#### Task goal
Reproduce verbatim the lines of the material below, starting at the line with "Lemma places_of_uniq ms" and ending at the line with "Proof. exact: pmap_places_of. Qed.", both inclusive; skip the rest.

%%

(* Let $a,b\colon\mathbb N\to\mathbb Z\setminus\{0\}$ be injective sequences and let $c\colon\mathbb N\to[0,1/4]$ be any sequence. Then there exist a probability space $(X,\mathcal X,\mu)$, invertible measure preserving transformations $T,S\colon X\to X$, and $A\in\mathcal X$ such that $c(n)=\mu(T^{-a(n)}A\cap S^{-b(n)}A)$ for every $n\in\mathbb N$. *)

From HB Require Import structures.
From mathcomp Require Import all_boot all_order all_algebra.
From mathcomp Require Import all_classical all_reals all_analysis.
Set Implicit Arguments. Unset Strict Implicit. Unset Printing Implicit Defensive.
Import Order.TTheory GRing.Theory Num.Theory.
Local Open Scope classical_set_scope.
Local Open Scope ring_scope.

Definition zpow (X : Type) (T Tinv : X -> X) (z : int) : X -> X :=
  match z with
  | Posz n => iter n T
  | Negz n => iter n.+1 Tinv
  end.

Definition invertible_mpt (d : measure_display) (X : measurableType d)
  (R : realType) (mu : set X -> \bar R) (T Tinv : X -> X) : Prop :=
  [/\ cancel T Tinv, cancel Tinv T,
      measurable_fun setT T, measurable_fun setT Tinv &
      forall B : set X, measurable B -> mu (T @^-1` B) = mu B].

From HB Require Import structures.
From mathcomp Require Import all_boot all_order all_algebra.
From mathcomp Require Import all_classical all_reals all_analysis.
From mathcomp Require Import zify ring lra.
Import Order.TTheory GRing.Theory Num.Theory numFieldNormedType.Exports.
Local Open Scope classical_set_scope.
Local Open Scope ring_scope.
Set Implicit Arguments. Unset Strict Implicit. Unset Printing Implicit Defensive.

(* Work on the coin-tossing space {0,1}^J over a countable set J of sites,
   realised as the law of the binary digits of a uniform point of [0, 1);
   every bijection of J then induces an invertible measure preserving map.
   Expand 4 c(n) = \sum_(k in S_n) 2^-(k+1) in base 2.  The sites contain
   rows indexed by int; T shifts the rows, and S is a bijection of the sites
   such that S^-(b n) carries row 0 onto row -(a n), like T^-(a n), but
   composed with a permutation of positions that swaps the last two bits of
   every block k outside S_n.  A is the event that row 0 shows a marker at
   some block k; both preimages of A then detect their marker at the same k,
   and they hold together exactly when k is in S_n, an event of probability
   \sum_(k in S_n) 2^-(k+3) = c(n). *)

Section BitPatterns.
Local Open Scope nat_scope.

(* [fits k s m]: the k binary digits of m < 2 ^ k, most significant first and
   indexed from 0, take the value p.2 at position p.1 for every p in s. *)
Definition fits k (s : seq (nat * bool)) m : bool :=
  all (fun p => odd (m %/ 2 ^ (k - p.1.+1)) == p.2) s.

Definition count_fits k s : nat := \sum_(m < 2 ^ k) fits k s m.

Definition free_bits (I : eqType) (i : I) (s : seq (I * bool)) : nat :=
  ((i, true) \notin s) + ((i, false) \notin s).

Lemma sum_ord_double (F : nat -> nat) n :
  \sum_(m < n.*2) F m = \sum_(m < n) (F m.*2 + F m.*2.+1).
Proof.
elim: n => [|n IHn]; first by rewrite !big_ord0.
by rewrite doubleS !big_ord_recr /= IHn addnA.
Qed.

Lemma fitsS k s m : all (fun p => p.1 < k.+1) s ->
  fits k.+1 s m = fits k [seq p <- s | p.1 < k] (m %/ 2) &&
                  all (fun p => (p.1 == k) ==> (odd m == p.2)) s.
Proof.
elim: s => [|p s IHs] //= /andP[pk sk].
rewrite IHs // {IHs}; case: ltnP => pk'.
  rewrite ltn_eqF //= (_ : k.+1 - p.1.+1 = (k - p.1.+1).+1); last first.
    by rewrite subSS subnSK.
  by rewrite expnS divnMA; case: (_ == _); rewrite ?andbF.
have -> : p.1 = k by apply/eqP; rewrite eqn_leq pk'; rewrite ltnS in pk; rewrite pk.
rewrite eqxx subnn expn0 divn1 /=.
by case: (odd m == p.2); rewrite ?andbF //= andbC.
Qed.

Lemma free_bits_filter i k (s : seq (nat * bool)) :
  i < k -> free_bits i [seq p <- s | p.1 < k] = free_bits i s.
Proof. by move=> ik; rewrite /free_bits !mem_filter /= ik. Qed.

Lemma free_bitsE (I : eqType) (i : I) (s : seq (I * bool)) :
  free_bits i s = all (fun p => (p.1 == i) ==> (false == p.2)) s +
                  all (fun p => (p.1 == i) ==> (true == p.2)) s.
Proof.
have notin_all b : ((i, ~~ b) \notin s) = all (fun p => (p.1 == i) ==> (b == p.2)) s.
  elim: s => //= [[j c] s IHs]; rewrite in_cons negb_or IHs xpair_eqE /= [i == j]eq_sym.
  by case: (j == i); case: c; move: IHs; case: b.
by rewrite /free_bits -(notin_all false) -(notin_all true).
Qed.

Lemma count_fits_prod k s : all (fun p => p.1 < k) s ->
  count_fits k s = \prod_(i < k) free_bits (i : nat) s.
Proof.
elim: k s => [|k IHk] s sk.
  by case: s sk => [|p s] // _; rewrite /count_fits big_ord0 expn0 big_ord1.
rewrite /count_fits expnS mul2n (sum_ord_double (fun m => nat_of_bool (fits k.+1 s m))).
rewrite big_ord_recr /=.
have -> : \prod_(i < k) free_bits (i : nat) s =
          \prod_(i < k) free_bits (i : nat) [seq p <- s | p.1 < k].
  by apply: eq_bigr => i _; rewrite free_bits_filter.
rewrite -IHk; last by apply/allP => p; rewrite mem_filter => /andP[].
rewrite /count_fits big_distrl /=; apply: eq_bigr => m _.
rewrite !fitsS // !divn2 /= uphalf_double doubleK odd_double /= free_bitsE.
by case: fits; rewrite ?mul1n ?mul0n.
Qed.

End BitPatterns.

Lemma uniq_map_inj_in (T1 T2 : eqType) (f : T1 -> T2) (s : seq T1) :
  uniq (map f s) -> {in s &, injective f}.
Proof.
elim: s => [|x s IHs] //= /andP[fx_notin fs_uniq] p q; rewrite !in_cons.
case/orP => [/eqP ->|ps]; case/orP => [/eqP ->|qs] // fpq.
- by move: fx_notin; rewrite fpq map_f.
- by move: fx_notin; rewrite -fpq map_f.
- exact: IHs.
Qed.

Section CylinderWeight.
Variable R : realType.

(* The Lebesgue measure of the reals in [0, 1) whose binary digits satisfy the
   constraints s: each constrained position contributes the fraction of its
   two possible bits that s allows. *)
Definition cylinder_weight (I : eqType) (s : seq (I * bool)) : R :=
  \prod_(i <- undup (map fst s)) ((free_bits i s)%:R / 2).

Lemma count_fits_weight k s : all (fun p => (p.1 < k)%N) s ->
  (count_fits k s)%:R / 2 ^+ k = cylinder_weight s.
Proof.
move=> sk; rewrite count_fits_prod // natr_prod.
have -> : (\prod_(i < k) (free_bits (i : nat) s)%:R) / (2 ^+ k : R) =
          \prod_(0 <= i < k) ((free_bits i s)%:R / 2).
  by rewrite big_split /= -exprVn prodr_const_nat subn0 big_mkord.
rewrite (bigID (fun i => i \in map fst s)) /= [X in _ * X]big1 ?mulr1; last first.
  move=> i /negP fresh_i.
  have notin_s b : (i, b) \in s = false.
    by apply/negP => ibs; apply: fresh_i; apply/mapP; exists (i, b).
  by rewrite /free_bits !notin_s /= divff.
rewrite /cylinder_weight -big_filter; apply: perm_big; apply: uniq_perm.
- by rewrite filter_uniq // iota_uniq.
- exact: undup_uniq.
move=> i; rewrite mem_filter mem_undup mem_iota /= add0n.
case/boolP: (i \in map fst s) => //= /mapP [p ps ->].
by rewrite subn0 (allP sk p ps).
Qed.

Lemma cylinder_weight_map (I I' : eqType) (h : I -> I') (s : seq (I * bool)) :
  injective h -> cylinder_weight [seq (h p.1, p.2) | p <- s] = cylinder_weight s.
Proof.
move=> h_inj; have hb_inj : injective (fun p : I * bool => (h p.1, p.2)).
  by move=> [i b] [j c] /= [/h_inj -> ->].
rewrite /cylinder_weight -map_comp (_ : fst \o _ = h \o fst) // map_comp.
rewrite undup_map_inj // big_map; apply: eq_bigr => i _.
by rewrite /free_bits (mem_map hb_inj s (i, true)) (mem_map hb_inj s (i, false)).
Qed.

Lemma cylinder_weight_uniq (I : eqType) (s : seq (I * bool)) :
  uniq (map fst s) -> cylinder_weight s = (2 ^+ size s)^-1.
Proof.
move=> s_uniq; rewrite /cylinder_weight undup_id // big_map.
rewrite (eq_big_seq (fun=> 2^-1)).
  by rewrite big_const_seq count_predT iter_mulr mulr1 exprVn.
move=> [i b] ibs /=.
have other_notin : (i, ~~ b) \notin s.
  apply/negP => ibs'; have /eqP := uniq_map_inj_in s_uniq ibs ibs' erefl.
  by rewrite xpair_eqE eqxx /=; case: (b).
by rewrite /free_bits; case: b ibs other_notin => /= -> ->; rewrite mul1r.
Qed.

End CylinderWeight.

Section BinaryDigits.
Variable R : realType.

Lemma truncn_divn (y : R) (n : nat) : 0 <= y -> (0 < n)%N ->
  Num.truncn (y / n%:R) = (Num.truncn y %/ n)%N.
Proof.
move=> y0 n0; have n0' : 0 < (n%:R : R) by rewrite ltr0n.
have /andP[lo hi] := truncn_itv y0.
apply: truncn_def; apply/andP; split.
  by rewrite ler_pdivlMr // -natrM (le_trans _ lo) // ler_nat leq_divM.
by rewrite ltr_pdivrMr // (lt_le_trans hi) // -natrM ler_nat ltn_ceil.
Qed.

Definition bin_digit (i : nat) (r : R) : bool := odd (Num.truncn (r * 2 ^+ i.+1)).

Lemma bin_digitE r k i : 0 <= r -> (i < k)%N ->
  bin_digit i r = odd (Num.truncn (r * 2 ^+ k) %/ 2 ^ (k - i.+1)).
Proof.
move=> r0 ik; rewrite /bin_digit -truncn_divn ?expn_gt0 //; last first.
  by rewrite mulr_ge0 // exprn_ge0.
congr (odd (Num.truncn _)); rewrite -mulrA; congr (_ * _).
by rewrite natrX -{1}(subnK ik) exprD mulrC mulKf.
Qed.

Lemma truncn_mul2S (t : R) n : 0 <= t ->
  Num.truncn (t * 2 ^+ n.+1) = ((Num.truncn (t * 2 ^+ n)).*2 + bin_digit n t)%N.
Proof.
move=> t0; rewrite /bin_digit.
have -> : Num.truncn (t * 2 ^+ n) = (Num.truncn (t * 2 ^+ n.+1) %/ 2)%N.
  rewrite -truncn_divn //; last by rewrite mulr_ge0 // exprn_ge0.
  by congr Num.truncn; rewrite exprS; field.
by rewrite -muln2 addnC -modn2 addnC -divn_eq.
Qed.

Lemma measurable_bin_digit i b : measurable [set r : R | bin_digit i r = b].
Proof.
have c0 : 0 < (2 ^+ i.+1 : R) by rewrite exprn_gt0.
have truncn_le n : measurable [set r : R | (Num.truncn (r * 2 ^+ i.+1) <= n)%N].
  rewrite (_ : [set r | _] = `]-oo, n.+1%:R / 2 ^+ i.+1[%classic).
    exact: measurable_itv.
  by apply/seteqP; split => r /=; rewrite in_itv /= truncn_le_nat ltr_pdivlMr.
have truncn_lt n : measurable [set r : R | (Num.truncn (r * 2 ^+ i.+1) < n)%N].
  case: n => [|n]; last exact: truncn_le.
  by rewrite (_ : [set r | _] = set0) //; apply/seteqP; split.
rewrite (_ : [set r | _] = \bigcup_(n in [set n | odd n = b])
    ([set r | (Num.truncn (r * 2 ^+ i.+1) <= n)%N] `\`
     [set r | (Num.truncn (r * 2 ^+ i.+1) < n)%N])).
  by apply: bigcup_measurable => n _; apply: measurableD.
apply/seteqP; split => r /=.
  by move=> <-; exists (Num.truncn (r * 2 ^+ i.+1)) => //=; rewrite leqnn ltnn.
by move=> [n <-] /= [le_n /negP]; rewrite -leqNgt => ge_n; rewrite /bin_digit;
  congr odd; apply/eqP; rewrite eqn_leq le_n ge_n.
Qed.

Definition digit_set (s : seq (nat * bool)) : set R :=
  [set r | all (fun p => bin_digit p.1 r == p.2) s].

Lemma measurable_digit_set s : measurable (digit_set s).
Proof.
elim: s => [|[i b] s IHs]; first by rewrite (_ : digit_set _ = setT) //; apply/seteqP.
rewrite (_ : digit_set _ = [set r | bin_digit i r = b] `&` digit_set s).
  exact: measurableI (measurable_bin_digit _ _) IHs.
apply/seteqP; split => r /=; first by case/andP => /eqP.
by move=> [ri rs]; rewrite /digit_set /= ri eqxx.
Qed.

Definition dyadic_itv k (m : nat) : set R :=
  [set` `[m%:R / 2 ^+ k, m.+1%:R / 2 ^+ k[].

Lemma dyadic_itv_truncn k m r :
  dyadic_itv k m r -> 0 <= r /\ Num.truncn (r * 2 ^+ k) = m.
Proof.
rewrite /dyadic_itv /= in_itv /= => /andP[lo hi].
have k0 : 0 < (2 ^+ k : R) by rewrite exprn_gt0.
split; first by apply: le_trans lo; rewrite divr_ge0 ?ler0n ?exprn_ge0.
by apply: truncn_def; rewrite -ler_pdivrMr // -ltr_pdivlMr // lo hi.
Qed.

%%
%%

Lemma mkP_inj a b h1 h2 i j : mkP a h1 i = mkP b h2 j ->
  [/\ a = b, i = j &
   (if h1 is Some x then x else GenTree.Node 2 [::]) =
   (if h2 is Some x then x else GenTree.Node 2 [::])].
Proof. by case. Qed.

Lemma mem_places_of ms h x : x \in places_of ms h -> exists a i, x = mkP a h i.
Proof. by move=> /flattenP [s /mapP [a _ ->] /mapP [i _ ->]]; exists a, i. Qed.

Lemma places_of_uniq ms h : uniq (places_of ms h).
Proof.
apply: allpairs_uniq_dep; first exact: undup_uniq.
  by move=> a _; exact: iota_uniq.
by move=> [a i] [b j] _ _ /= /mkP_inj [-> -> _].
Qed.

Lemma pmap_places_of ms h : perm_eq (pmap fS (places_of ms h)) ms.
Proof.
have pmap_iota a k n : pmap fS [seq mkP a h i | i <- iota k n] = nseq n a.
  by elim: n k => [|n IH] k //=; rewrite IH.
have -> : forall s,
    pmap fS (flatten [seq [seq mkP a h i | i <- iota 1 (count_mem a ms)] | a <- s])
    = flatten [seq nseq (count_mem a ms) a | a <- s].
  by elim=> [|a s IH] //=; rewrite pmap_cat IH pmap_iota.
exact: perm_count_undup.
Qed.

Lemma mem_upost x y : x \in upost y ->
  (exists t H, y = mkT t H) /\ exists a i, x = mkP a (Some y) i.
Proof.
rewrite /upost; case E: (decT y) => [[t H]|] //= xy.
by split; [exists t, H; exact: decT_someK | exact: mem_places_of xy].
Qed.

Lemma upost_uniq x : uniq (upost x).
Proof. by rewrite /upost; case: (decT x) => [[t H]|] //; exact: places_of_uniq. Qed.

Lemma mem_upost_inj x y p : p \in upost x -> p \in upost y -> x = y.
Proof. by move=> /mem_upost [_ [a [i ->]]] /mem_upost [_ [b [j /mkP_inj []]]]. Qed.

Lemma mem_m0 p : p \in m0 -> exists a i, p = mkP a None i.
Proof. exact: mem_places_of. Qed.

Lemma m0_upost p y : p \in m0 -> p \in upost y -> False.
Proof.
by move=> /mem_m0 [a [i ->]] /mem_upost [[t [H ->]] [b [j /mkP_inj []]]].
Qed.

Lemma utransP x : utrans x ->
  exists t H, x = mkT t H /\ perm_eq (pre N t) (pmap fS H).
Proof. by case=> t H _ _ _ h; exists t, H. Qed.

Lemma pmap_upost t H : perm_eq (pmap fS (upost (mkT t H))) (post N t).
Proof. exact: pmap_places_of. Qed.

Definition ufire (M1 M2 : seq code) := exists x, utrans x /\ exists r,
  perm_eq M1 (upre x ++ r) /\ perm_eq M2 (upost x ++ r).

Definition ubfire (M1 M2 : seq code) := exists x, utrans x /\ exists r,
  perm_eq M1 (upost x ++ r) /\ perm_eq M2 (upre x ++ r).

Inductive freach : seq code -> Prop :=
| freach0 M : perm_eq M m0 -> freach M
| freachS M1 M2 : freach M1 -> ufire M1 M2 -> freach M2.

%%

#### Exercise solution
Lemma places_of_uniq ms h : uniq (places_of ms h).
Proof.
apply: allpairs_uniq_dep; first exact: undup_uniq.
  by move=> a _; exact: iota_uniq.
by move=> [a i] [b j] _ _ /= /mkP_inj [-> -> _].
Qed.

Lemma pmap_places_of ms h : perm_eq (pmap fS (places_of ms h)) ms.
Proof.
have pmap_iota a k n : pmap fS [seq mkP a h i | i <- iota k n] = nseq n a.
  by elim: n k => [|n IH] k //=; rewrite IH.
have -> : forall s,
    pmap fS (flatten [seq [seq mkP a h i | i <- iota 1 (count_mem a ms)] | a <- s])
    = flatten [seq nseq (count_mem a ms) a | a <- s].
  by elim=> [|a s IH] //=; rewrite pmap_cat IH pmap_iota.
exact: perm_count_undup.
Qed.

Lemma mem_upost x y : x \in upost y ->
  (exists t H, y = mkT t H) /\ exists a i, x = mkP a (Some y) i.
Proof.
rewrite /upost; case E: (decT y) => [[t H]|] //= xy.
by split; [exists t, H; exact: decT_someK | exact: mem_places_of xy].
Qed.

Lemma upost_uniq x : uniq (upost x).
Proof. by rewrite /upost; case: (decT x) => [[t H]|] //; exact: places_of_uniq. Qed.

Lemma mem_upost_inj x y p : p \in upost x -> p \in upost y -> x = y.
Proof. by move=> /mem_upost [_ [a [i ->]]] /mem_upost [_ [b [j /mkP_inj []]]]. Qed.

Lemma mem_m0 p : p \in m0 -> exists a i, p = mkP a None i.
Proof. exact: mem_places_of. Qed.

Lemma m0_upost p y : p \in m0 -> p \in upost y -> False.
Proof.
by move=> /mem_m0 [a [i ->]] /mem_upost [[t [H ->]] [b [j /mkP_inj []]]].
Qed.

Lemma utransP x : utrans x ->
  exists t H, x = mkT t H /\ perm_eq (pre N t) (pmap fS H).
Proof. by case=> t H _ _ _ h; exists t, H. Qed.

Lemma pmap_upost t H : perm_eq (pmap fS (upost (mkT t H))) (post N t).
Proof. exact: pmap_places_of. Qed.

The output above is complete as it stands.